TASK TO COMPLETE: Only one stretch of the data below is wanted: the lines from the one with "Variables (V : finType) (b : V -> rat)." through the one with "have effU : effective", repeated exactly.

SOURCE INFORMATION:
━━━

(* Let $G = (V, E, b, c)$ be a weighted hypergraph whose edges $e_0, e_1, \dots$ are processed by procedure COVER, and let $r$ be any integer. Then for every time $t$, \[ b\left( \{ v \in e_t \mid \mathrm{eff}_{t+1}(v) \leq r \} \right) < 2^{r+1} \cdot c(e_t). \]
   Context: A weighted hypergraph $G = (V, E, b, c)$ has vertex set $V$, a multiset $E$ of non-empty edges $e \subseteq V$, benefits $b : V \to \mathbb{Q}_{>0}$ and costs $c : E \to \mathbb{Q}_{>0}$; $b(U) = \sum_{v \in U} b(v)$. Edges arrive in a stream $e_0, e_1, \dots$, and $\mathrm{id}(e)$ is an identifier of edge $e$. Procedure COVER maintains for each $v \in V$ a variable $\mathrm{eid}(v)$ (initially NULL) and an integer variable $\mathrm{eff}(v)$ (initially $-\infty$); $\mathrm{eff}_t(v)$ denotes the value of $\mathrm{eff}(v)$ just before $e_t$ is processed. For $T \subseteq e_t$ the level is $\mathrm{lev}_t(T) = \lceil \lg (b(T)/c(e_t)) \rceil$ ($\lg$ = base-2 logarithm), and $T$ is effective at time $t$ if $\mathrm{lev}_t(T) > \mathrm{eff}_t(v)$ for every $v \in T$ (the empty set is vacuously effective). When $e_t$ arrives, COVER computes an effective subset $T \subseteq e_t$ of largest benefit $b(T)$ (any such subset) and, for every $v \in T$, sets $\mathrm{eid}(v) \leftarrow \mathrm{id}(e_t)$ and $\mathrm{eff}(v) \leftarrow \mathrm{lev}_t(T)$. *)

From mathcomp Require Import all_boot all_order all_algebra.
From Stdlib Require Import ClassicalEpsilon.
Set Implicit Arguments. Unset Strict Implicit. Unset Printing Implicit Defensive.
Import Order.TTheory GRing.Theory Num.Theory.
Local Open Scope ring_scope.

Definition is_ceil_lg (x : rat) (k : int) : Prop :=
  (2%:Q ^ (k - 1) < x) /\ (x <= 2%:Q ^ k).

(* ceil(lg x) for x > 0 (unique such k exists); arbitrary otherwise. *)
Definition ceil_lg (x : rat) : int :=
  epsilon (inhabits 0%:Z) (is_ceil_lg x).

Definition bsum (V : finType) (b : V -> rat) (U : {set V}) : rat :=
  \sum_(v in U) b v.

(* eff values: None stands for -oo *)
Definition lt_eff (m : option int) (k : int) : bool :=
  if m is Some m' then m' < k else true.
Definition le_eff (m : option int) (k : int) : bool :=
  if m is Some m' then m' <= k else true.

Section Cover.
Variables (V : finType) (b : V -> rat) (e : nat -> {set V}) (c : nat -> rat).

Definition lev (t : nat) (T : {set V}) : int := ceil_lg (bsum b T / c t).

Definition effective (effs : V -> option int) (t : nat) (T : {set V}) : Prop :=
  forall v, v \in T -> lt_eff (effs v) (lev t T).

(* A run of COVER: eff t = values of eff just before e_t is processed,
   eid t = values of eid just before e_t is processed (id(e_t) := t),
   T t = the effective subset chosen when e_t arrives. *)
Definition COVER_run (eff : nat -> V -> option int) (eid : nat -> V -> option nat)
    (T : nat -> {set V}) : Prop :=
  (forall v, eff 0%N v = None) /\ (forall v, eid 0%N v = None) /\
  (forall t, [/\ T t \subset e t, effective (eff t) t (T t) &
     forall T' : {set V}, T' \subset e t -> effective (eff t) t T' ->
       bsum b T' <= bsum b (T t)]) /\
  (forall t v, eff t.+1 v = if v \in T t then Some (lev t (T t)) else eff t v) /\
  (forall t v, eid t.+1 v = if v \in T t then Some t else eid t v).
End Cover.

(** Suppose the vertices [S] of [e_t] left at level at most [r] had benefit at
    least [2^(r+1) c(e_t)]. Then [S ∪ T_t] has level at least [r + 1]; it is
    effective, because [T_t] was and the vertices of [S] outside [T_t] kept
    their level [≤ r]. Maximality of [T_t] gives [b(S ∪ T_t) ≤ b(T_t)], so
    [T_t] itself reaches level [r + 1]. Every vertex of [T_t] is then raised
    above [r], hence [S] and [T_t] are disjoint and [b(S) ≤ 0], which is absurd. *)

From mathcomp Require Import all_boot all_order all_algebra.
From mathcomp Require Import zify.
From Stdlib Require Import ClassicalEpsilon.
Set Implicit Arguments. Unset Strict Implicit. Unset Printing Implicit Defensive.
Import Order.TTheory GRing.Theory Num.Theory.
Local Open Scope ring_scope.

Lemma ceil_lg_exists (x : rat) : 0 < x -> exists k, is_ceil_lg x k.
Proof.
move=> x_gt0.
set N := Num.Def.archi_bound x^-1.
have ltxVN : x^-1 < 2 ^+ N by apply: upper_nthrootP.
have ltxn : x < 2 ^+ Num.Def.archi_bound x by apply: upper_nthrootP.
(* Look for the least [m] with [x <= 2^(m - N)]; [m = 0] is excluded by [ltxVN]. *)
pose P m := x <= 2%:Q ^ (m%:Z - N%:Z).
have exP : exists m, P m.
  by exists (Num.Def.archi_bound x + N)%N; rewrite /P PoszD addrK; exact: ltW.
have [[|m] Pm min_m] := ex_minnP exP.
  move: Pm; rewrite /P sub0r -invr_expz -(invrK x) lef_pV2 ?posrE ?invr_gt0 //.
    by rewrite leNgt ltxVN.
  exact: exprz_gt0.
exists (m.+1%:Z - N%:Z); split=> //.
have : ~~ P m by apply/negP => /min_m; rewrite ltnn.
by rewrite /P -ltNge; have -> : m.+1%:Z - N%:Z - 1 = m%:Z - N%:Z by lia.
Qed.

Lemma ceil_lgP (x : rat) : 0 < x -> is_ceil_lg x (ceil_lg x).
Proof. by move=> /ceil_lg_exists ex_k; apply: epsilon_spec. Qed.

Lemma ceil_lg_ge (x : rat) (k : int) : 2%:Q ^ k <= x -> k <= ceil_lg x.
Proof.
move=> le_kx.
have [_ le_x] := ceil_lgP (lt_le_trans (exprz_gt0 k (isT : 0 < 2%:Q)) le_kx).
by rewrite -(ler_eXz2l (isT : 1 < 2%:Q)) (le_trans le_kx).
Qed.

Lemma le_ceil_lg (x y : rat) : 0 < x -> x <= y -> ceil_lg x <= ceil_lg y.
Proof.
move=> x_gt0 le_xy.
have [lt_x _] := ceil_lgP x_gt0.
have [_ le_y] := ceil_lgP (lt_le_trans x_gt0 le_xy).
have := lt_le_trans (lt_le_trans lt_x le_xy) le_y.
by rewrite (ltr_eXz2l (isT : 1 < 2%:Q)); lia.
Qed.

Lemma bsumU (V : finType) (b : V -> rat) (A B : {set V}) :
  [disjoint A & B] -> bsum b (A :|: B) = bsum b A + bsum b B.
Proof. by move=> dis_AB; rewrite /bsum (eq_bigl [predU A & B]) ?bigU // => v; rewrite !inE. Qed.

Lemma lt_eff_le m k k' : lt_eff m k -> k <= k' -> lt_eff m k'.
Proof. by case: m => //= m; apply: lt_le_trans. Qed.

Lemma le_lt_eff m r k : le_eff m r -> r < k -> lt_eff m k.
Proof. by case: m => //= m; apply: le_lt_trans. Qed.

Section Benefits.
Variables (V : finType) (b : V -> rat).
Hypothesis b_gt0 : forall v, 0 < b v.

Lemma bsum_gt0 (A : {set V}) v : v \in A -> 0 < bsum b A.
Proof.
move=> vA; rewrite /bsum (bigD1 v) //= ltr_pwDl ?b_gt0 //.
by apply: sumr_ge0 => w _; apply: ltW.
Qed.

Lemma bsum_subset (A B : {set V}) : A \subset B -> bsum b A <= bsum b B.
Proof.
move=> /setIidPr sAB; rewrite /bsum [X in _ <= X](big_setID A) /= sAB lerDl.
by apply: sumr_ge0 => w _; apply: ltW.
Qed.

Variables (e : nat -> {set V}) (c : nat -> rat).
Hypothesis c_gt0 : forall t, 0 < c t.

Lemma lev_ge t k (U : {set V}) : 2%:Q ^ k * c t <= bsum b U -> k <= lev b c t U.
Proof. by move=> le_kU; apply: ceil_lg_ge; rewrite ler_pdivlMr. Qed.

Lemma lev_subset t (A B : {set V}) v :
  v \in A -> A \subset B -> lev b c t A <= lev b c t B.
Proof.
move=> vA sAB; apply: le_ceil_lg; first by rewrite divr_gt0 ?(bsum_gt0 vA).
by rewrite ler_pM2r ?invr_gt0 ?bsum_subset.
Qed.

Lemma effectiveU effs t (A B : {set V}) :
  effective b c effs t A ->
  (forall v, v \in B -> v \notin A -> lt_eff (effs v) (lev b c t (A :|: B))) ->
  effective b c effs t (A :|: B).
Proof.
move=> effA effB v; rewrite in_setU; have [vA _ | vA /= vB] := boolP (v \in A).
  exact: lt_eff_le (effA v vA) (lev_subset t vA (subsetUl A B)).
exact: effB.
Qed.

End Benefits.

Theorem lemma7 (V : finType) (b : V -> rat) (e : nat -> {set V}) (c : nat -> rat)
    (hb : forall v, 0 < b v) (he : forall t, e t != set0) (hc : forall t, 0 < c t)
    (eff : nat -> V -> option int) (eid : nat -> V -> option nat) (T : nat -> {set V})
    (hrun : COVER_run b e c eff eid T) (r : int) (t : nat) :
  bsum b [set v in e t | le_eff (eff t.+1 v) r] < 2%:Q ^ (r + 1) * c t.
Proof.
have [_ [_ [opt [step _]]]] := hrun; have [sTe effT maxT] := opt t.
set S := [set v in e t | le_eff (eff t.+1 v) r].
rewrite ltNge; apply/negP => le_S.
have levU : r + 1 <= lev b c t (T t :|: S).
  by apply: lev_ge => //; rewrite (le_trans le_S) ?bsum_subset ?subsetUr.
have effU : effective b c (eff t) t (T t :|: S).
  apply: effectiveU => // v; rewrite inE step => /andP[_] + vT; rewrite (negbTE vT) => le_v.
  by apply: le_lt_eff le_v (lt_le_trans _ levU); rewrite ltrDl.
have le_UT : bsum b (T t :|: S) <= bsum b (T t).
  by apply: maxT effU; rewrite subUset sTe; apply/subsetP => v; rewrite inE => /andP[].
have levT : r + 1 <= lev b c t (T t).
  by apply: lev_ge => //; rewrite (le_trans le_S) // (le_trans _ le_UT) ?bsum_subset ?subsetUr.
have dis_TS : [disjoint T t & S].
  apply/pred0P => v /=; apply/negP => /andP[vT]; rewrite inE step vT => /andP[_].
  by apply/negP; rewrite -ltNge (lt_le_trans _ levT) // ltrDl.
move: le_UT; rewrite bsumU // gerDl => le_S0.
have pos : 0 < 2%:Q ^ (r + 1) * c t by rewrite mulr_gt0 ?exprz_gt0.
by move: pos; rewrite ltNge (le_trans le_S le_S0).
Qed.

━━━

SOLUTION FOR THIS PROBLEM:
Variables (V : finType) (b : V -> rat).
Hypothesis b_gt0 : forall v, 0 < b v.

Lemma bsum_gt0 (A : {set V}) v : v \in A -> 0 < bsum b A.
Proof.
move=> vA; rewrite /bsum (bigD1 v) //= ltr_pwDl ?b_gt0 //.
by apply: sumr_ge0 => w _; apply: ltW.
Qed.

Lemma bsum_subset (A B : {set V}) : A \subset B -> bsum b A <= bsum b B.
Proof.
move=> /setIidPr sAB; rewrite /bsum [X in _ <= X](big_setID A) /= sAB lerDl.
by apply: sumr_ge0 => w _; apply: ltW.
Qed.

Variables (e : nat -> {set V}) (c : nat -> rat).
Hypothesis c_gt0 : forall t, 0 < c t.

Lemma lev_ge t k (U : {set V}) : 2%:Q ^ k * c t <= bsum b U -> k <= lev b c t U.
Proof. by move=> le_kU; apply: ceil_lg_ge; rewrite ler_pdivlMr. Qed.

Lemma lev_subset t (A B : {set V}) v :
  v \in A -> A \subset B -> lev b c t A <= lev b c t B.
Proof.
move=> vA sAB; apply: le_ceil_lg; first by rewrite divr_gt0 ?(bsum_gt0 vA).
by rewrite ler_pM2r ?invr_gt0 ?bsum_subset.
Qed.

Lemma effectiveU effs t (A B : {set V}) :
  effective b c effs t A ->
  (forall v, v \in B -> v \notin A -> lt_eff (effs v) (lev b c t (A :|: B))) ->
  effective b c effs t (A :|: B).
Proof.
move=> effA effB v; rewrite in_setU; have [vA _ | vA /= vB] := boolP (v \in A).
  exact: lt_eff_le (effA v vA) (lev_subset t vA (subsetUl A B)).
exact: effB.
Qed.

End Benefits.

Theorem lemma7 (V : finType) (b : V -> rat) (e : nat -> {set V}) (c : nat -> rat)
    (hb : forall v, 0 < b v) (he : forall t, e t != set0) (hc : forall t, 0 < c t)
    (eff : nat -> V -> option int) (eid : nat -> V -> option nat) (T : nat -> {set V})
    (hrun : COVER_run b e c eff eid T) (r : int) (t : nat) :
  bsum b [set v in e t | le_eff (eff t.+1 v) r] < 2%:Q ^ (r + 1) * c t.
Proof.
have [_ [_ [opt [step _]]]] := hrun; have [sTe effT maxT] := opt t.
set S := [set v in e t | le_eff (eff t.+1 v) r].
rewrite ltNge; apply/negP => le_S.
have levU : r + 1 <= lev b c t (T t :|: S).
  by apply: lev_ge => //; rewrite (le_trans le_S) ?bsum_subset ?subsetUr.
have effU : effective b c (eff t) t (T t :|: S).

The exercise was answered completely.